The following table shows artists who achieved two or more top 10 entries in 1966, including singles that reached their peak in 1965 or 1967. The figures include both main artists and featured artists. The total number of weeks an artist spent in the top ten in 1966 is also shown.

| Entries | Artist | Weeks | Singles |
| 4 | The Beach Boys | 26 | "Barbara Ann", "God Only Knows", "Good Vibrations", "Sloop John B" |
| Dave Dee, Dozy, Beaky, Mick & Tich | 19 | "Bend It!", "Hideaway", "Hold Tight!", "Save Me" |
| The Kinks | 19 | "Dead End Street", "Dedicated Follower of Fashion", "Sunny Afternoon", "Till the End of the Day" |
| Small Faces | 18 | "All or Nothing", "Hey Girl", "My Mind's Eye", "Sha-La-La-La-Lee" |
| 3 | The Beatles ^{[E]} | 19 | "Day Tripper"/"We Can Work It Out", "Paperback Writer", "Yellow Submarine"/"Eleanor Rigby" |
| Cilla Black | 7 | "Alfie", "Don't Answer Me", "Love's Just a Broken Heart" |
| Cliff Richard ^{[E]} | 8 | "Time Drags By", "Visions", "Wind Me Up (Let Me Go)" |
| Dusty Springfield | 10 | "All I See Is You", "Goin' Back", "You Don't Have to Say You Love Me" |
| Gene Pitney | 10 | "Backstage", "Just One Smile", "Nobody Needs Your Love" |
| The Hollies | 15 | "Bus Stop", "I Can't Let Go", "Stop Stop Stop" |
| Ken Dodd ^{[E]} | 10 | "Promises", "Tears", "The River" |
| Manfred Mann | 11 | "Just Like a Woman", "Pretty Flamingo", "Semi-Detached, Suburban Mr.
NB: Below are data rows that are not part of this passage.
Lemma extend_widen k (b : 'I_k -> X -> K) v i :
  extend b v (widen_ord (leqnSn k) i) = b i.
Proof. by rewrite /extend widen_ord_lift liftK. Qed.

Lemma extend_max k (b : 'I_k -> X -> K) v : extend b v ord_max = v.
Proof. by rewrite /extend unlift_none. Qed.

Lemma indep_extend k (b : 'I_k -> X -> K) v :
  indep b -> ~ in_span b v -> indep (extend b v).
Proof.
move=> b_indep v_out c rel.
pose c' i := c (widen_ord (leqnSn k) i).
have relx x : \sum_(i < k) c' i * b i x + c ord_max * v x = 0.
  have := congr1 (fun h => h x) rel; rewrite /lincomb /= big_ord_recr /= extend_max.
  by under eq_bigr => i _ do rewrite extend_widen.
have cmax0 : c ord_max = 0.
  have [//|cmax_neq0] := eqVneq (c ord_max) 0; case: v_out.
  exists (fun i => - c' i / c ord_max); apply: functional_extensionality => x.
  have sumx : \sum_(i < k) c' i * b i x = - (c ord_max * v x).
    by apply/eqP; rewrite -addr_eq0 relx.
  rewrite /lincomb; under eq_bigr => i _ do rewrite mulrAC mulNr.
  by rewrite -big_distrl sumrN /= sumx opprK mulrAC mulfV ?mul1r.
have c'0 : lincomb c' b = (fun _ => 0).
  by apply: functional_extensionality => x; have := relx x; rewrite cmax0 mul0r addr0.
move=> i; case: (unliftP ord_max i) => [j ->|->] //.
by rewrite -widen_ord_lift; apply: b_indep c'0 j.
Qed.

(* A maximal independent subfamily of G is a basis of its span; it exists
   because independent families inside the span of m vectors have size <= m. *)
Lemma has_dim_span_leq m (f : 'I_m -> X -> K) G :
  (forall g, G g -> in_span f g) ->
  exists n, (n <= m)%N /\ has_dim n (Defs.span G).
Proof.
move=> Gf; apply: NNPP => no_basis.
have grow k : exists b : 'I_k -> X -> K, (forall i, G (b i)) /\ indep b.
  elim: k => [|k [b [Gb b_indep]]]; first by exists (fun _ _ => 0); split => [|c _]; case.
  have [g g_new] : exists g, ~ (G g -> in_span b g).
    apply: not_all_ex_not => b_spans; apply: no_basis; exists k; split.
      by apply: (indep_leq b_indep) => i; apply: Gf.
    by exists b; split=> // [i | v]; [exact: span_gen | exact: in_span_span].
  have [Gg g_out] := imply_to_and _ _ g_new.
  exists (extend b g); split; last exact: indep_extend.
  by move=> i; rewrite /extend; case: (unlift _ i).
have [b [Gb b_indep]] := grow m.+1.
by have := indep_leq b_indep (fun i => Gf _ (Gb i)); rewrite ltnn.
Qed.

Lemma has_dim_subspan n (V : (X -> K) -> Prop) G :
  has_dim n V -> (forall g, G g -> V g) ->
  exists m, (m <= n)%N /\ has_dim m (Defs.span G).
Proof. by move=> [b [_ _ Vb]] GV; apply: (has_dim_span_leq (f := b)) => g /GV /Vb. Qed.

Lemma has_dim_uniq (V : (X -> K) -> Prop) n m :
  has_dim n V -> has_dim m V -> n = m.
Proof.
move=> [b [Vb b_indep b_span]] [b' [Vb' b'_indep b'_span]].
apply/eqP; rewrite eqn_leq (indep_leq b_indep (fun i => b'_span _ (Vb i))).
exact: (indep_leq b'_indep (fun i => b_span _ (Vb' i))).
Qed.

Lemma has_dim_leq_antisym (Y : Type) (V : (X -> K) -> Prop) (V' : (Y -> K) -> Prop) n :
  (forall k, has_dim k V -> exists m, (m <= k)%N /\ has_dim m V') ->
  (forall k, has_dim k V' -> exists m, (m <= k)%N /\ has_dim m V) ->
  has_dim n V -> has_dim n V'.
Proof.
move=> VV' V'V dimV; have [m [lemn dimV']] := VV' n dimV.
have [m' [lem'm dimV'']] := V'V m dimV'.
suff -> : n = m by [].
by apply/eqP; rewrite eqn_leq lemn -(has_dim_uniq dimV'' dimV) lem'm.
Qed.

Lemma has_dim_span_eq n G G' :
  (forall g, G g -> Defs.span G' g) -> (forall g, G' g -> Defs.span G g) ->
  has_dim n (Defs.span G) <-> has_dim n (Defs.span G').
Proof.
by move=> GG' G'G; split; apply: has_dim_leq_antisym => k /has_dim_subspan; apply.
Qed.

End FunctionSpan.

Lemma has_dim_cols_leq (K : fieldType) (I J : Type) (F : I -> J -> K) n :
  has_dim n (Defs.span (fun f => exists i, f = F i)) ->
  exists m, (m <= n)%N /\ has_dim m (Defs.span (fun g => exists j, g = fun i => F i j)).
Proof.
move=> [b [_ _ b_span]].
have [C FE] : exists C : I -> 'I_n -> K, forall i, F i = lincomb (C i) b.
  apply: (choice (fun i c => F i = lincomb c b)) => i.
  by apply: b_span; apply: span_gen; exists i.
apply: (has_dim_span_leq (f := fun k i => C i k)) => _ [j ->].
exists (fun k => b k j); apply: functional_extensionality => i.
by rewrite FE /lincomb; apply: eq_bigr => k _; apply: mulrC.
Qed.

Lemma has_dim_rows_cols (K : fieldType) (I J : Type) (F : I -> J -> K) n :
  has_dim n (Defs.span (fun f => exists i, f = F i)) <->
  has_dim n (Defs.span (fun g => exists j, g = fun i => F i j)).
Proof.
have rows_cols := @has_dim_cols_leq K I J F.
have cols_rows := @has_dim_cols_leq K J I (fun j i => F i j).
by split; apply: has_dim_leq_antisym.
Qed.

Section Words.
Variables p q : nat.
Implicit Types x y z : word2 p q.

Definition wnil : word2 p q := exist _ ([::], [::]) isT.

Lemma wcatA x y z : wcat (wcat x y) z = wcat x (wcat y z).
Proof. by apply: val_inj; rewrite /= !catA. Qed.

Lemma wcatw0 x : wcat x wnil = x.
Proof. by case: x => [[a b] ?]; apply: val_inj; rewrite /= !cats0. Qed.

Lemma wcat0w x : wcat wnil x = x.
Proof. by case: x => [[a b] ?]; apply: val_inj. Qed.

Lemma wrevK x : wrev (wrev x) = x.
Proof. by case: x => [[a b] ?]; apply: val_inj; rewrite /= !revK. Qed.

Lemma wrev0 : wrev wnil = wnil.
Proof. exact: val_inj. Qed.

Definition wflatten (ws : seq (word2 p q)) : word2 p q := foldr (@wcat p q) wnil ws.

Lemma foldr_rhoE (K : fieldType) (a : series K p q) ws x :
  foldr (@rho K p q) a ws x = a (wcat x (wflatten ws)).
Proof.
elim: ws x => [|w ws IH] x /=; first by rewrite wcatw0.
by rewrite /rho IH wcatA.
Qed.

Lemma rec_closure_rho (K : fieldType) (A : series K p q) x a :
  rec_closure A a -> rec_closure A (rho x a).
Proof.
move=> [n [c [b [rec_b ->]]]]; exists n, c, (fun i => rho x (b i)); split => // i.
have [y ->] := rec_b i; exists (wcat x y).
by apply: functional_extensionality => z; rewrite /rho wcatA.
Qed.

End Words.

Section ShiftAlgebra.
Variables (K : fieldType) (p q : nat) (A : series K p q).
Local Notation W := (word2 p q).

Lemma birec_closure_cols n :
  has_dim n (birec_closure A) <->
  has_dim n (Defs.span (fun g => exists au, g = fun w => rho_mono A [:: w] au)).
Proof.
apply: has_dim_span_eq => g.
- move=> [w [w' ->]]; apply: span_gen.
  have rec_rhoA : rec_closure A (rho w A) by apply: span_gen; exists w.
  by exists (exist _ (rho w A) rec_rhoA, wrev w').
- move=> [[[a rec_a] u] ->]; rewrite /rho_mono /=.
  have [m [c [b [rec_b ->]]]] := rec_a.
  exists m, c, (fun i w => b i (wcat u w)); split => // i.
  have [x ->] := rec_b i; exists x, (wrev u).
  by apply: functional_extensionality => w; rewrite /lambda /rho wrevK.
Qed.

Lemma shift_algebra_rows n :
  has_dim n (Defs.span (fun f => exists w, f = rho_mono A [:: w])) <->
  has_dim n (shift_algebra A).
Proof.
apply: has_dim_span_eq => g.
- by move=> [w ->]; apply: span_gen; exists [:: w].
- move=> [ws ->]; apply: span_gen; exists (wflatten ws).
  by apply: functional_extensionality => au; rewrite /rho_mono foldr_rhoE.
Qed.

Lemma has_dim_rec_leq_birec n :
  has_dim n (birec_closure A) ->
  exists m, (m <= n)%N /\ has_dim m (rec_closure A).
Proof.
move=> dimB; apply: (has_dim_subspan dimB) => _ [w ->]; apply: span_gen.
exists w, (wnil p q).
by apply: functional_extensionality => u; rewrite /lambda wrev0 wcat0w.
Qed.

Lemma has_dim_birec_leq_sqr m :
  has_dim m (rec_closure A) ->
  exists n, (n <= m ^ 2)%N /\ has_dim n (birec_closure A).
Proof.
move=> [b [rec_b _ b_span]].
have [C rhoE] : exists C : W -> 'I_m -> 'I_m -> K,
    forall u i, rho u (b i) = lincomb (C u i) b.
  apply: (choice (fun u Cu => forall i, rho u (b i) = lincomb (Cu i) b)) => u.
  apply: (choice (fun i c => rho u (b i) = lincomb c b)) => i.
  exact/b_span/rec_closure_rho.
pose coef (ij : 'I_m * 'I_m) (u : W) := C u ij.1 ij.2.
have [n [le_n_card dimB]] :
    exists n, (n <= #|{: 'I_m * 'I_m}|)%N /\ has_dim n (birec_closure A).
  apply: (has_dim_span_leq (f := fun k => coef (enum_val k))) => _ [w [w' ->]].
  have [e rhoAE] := b_span _ (span_gen (ex_intro _ w erefl)).
  suff -> : lambda w' (rho w A) =
      fun u => \sum_ij (e ij.1 * b ij.2 (wrev w')) * coef ij u by apply: in_span_enum.
  apply: functional_extensionality => u; rewrite /lambda rhoAE /lincomb /coef.
  rewrite -(pair_bigA _ (fun i j => e i * b j (wrev w') * C u i j)) /=.
  apply: eq_bigr => i _.
  have := congr1 (fun h => h (wrev w')) (rhoE u i); rewrite /rho /lincomb /= => ->.
  by rewrite big_distrr; apply: eq_bigr => j _; rewrite -mulrA [_ * C u i j]mulrC.
by exists n; split => //; rewrite -mulnn -{1 2}(card_ord m) -card_prod.
Qed.

End ShiftAlgebra.

Theorem mainTheorem14 (K : fieldType) (p q : nat) (A : series K p q) :
  (* dim birec(A) = dim K[rho_calA(M)]  (in N u {oo}) *)
  (forall n : nat, has_dim n (birec_closure A) <-> has_dim n (shift_algebra A))
  (* dim rec(A) <= dim birec(A) *)
  /\ (forall n : nat, has_dim n (birec_closure A) ->
        exists m : nat, (m <= n)%N /\ has_dim m (rec_closure A))
  (* dim birec(A) <= (dim rec(A))^2 *)
  /\ (forall m : nat, has_dim m (rec_closure A) ->
        exists n : nat, (n <= m ^ 2)%N /\ has_dim n (birec_closure A)).
Proof.
split; last split.
- move=> n; rewrite birec_closure_cols -shift_algebra_rows.
  exact: iff_sym (has_dim_rows_cols (fun w => rho_mono A [:: w]) n).
- exact: has_dim_rec_leq_birec.
- exact: has_dim_birec_leq_sqr.
Qed.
James" |
| The Rolling Stones | 13 | "19th Nervous Breakdown", "Have You Seen Your Mother, Baby, Standing in the Shadow?", "Paint It Black" |
| The Seekers ^{[E]} | 8 | "Morningtown Ride", "The Carnival Is Over", "Walk with Me" |
| The Spencer Davis Group | 18 | "Gimme Some Lovin'", "Keep on Running", "Somebody Help Me" |
| The Troggs | 19 | "I Can't Control Myself", "Wild Thing", "With a Girl Like You" |
| 2 | Cher ^{[F]} | 8 | "Bang Bang (My Baby Shot Me Down)", "Little Man" |
| Crispian St. Peters | 11 | "The Pied Piper", "You Were on My Mind" |
| Elvis Presley | 5 | "Love Letters", "If Every Day Was Like Christmas" |
| Herman's Hermits | 8 | "A Must to Avoid", "No Milk Today" |
| Lee Dorsey | 7 | "Holy Cow", "Working in the Coal Mine" |
| The Lovin' Spoonful | 7 | "Daydream", "Summer in the City" |
| Paul Jones ^{[G]} | 10 | "High Time", "Pretty Flamingo" |
| Petula Clark | 8 | "I Couldn't Live Without Your Love", "My Love" |
| The Supremes | 7 | "You Can't Hurry Love", "You Keep Me Hangin' On" |
| Val Doonican | 9 | "Elusive Butterfly", "What Would I Be" |
| The Walker Brothers ^{[H]} | 13 | "My Ship Is Comin' In", "The Sun Ain't Gonna Shine Anymore" |
| The Who | 8 | "I'm a Boy", "Substitute" |
| The Yardbirds | 6 | "Over Under Sideways Down", "Shapes of Things" |

==See also==
- 1966 in British music
- List of number-one singles from the 1960s (UK)

==Notes==

- "Make the World Go Away" re-entered the top 10 at number 10 on 17 March 1966 (week ending) for 5 weeks.
- "Summer in the City" re-entered the top 10 at number 10 on 1 September 1966 (week ending).
- "My Mind's Eye" re-entered the top 10 at number 10 on 5 January 1967 (week ending).
- "What Becomes of the Brokenhearted" re-entered the top 10 at number 8 on 29 December 1966 (week ending).
- Figure includes single that peaked in 1965.
- Figure includes appearance on "Little Man" by Sonny & Cher.
- Figure includes appearance on "Pretty Flamingo" by Manfred Mann.
- Figure includes single that first charted in 1965 but peaked in 1966.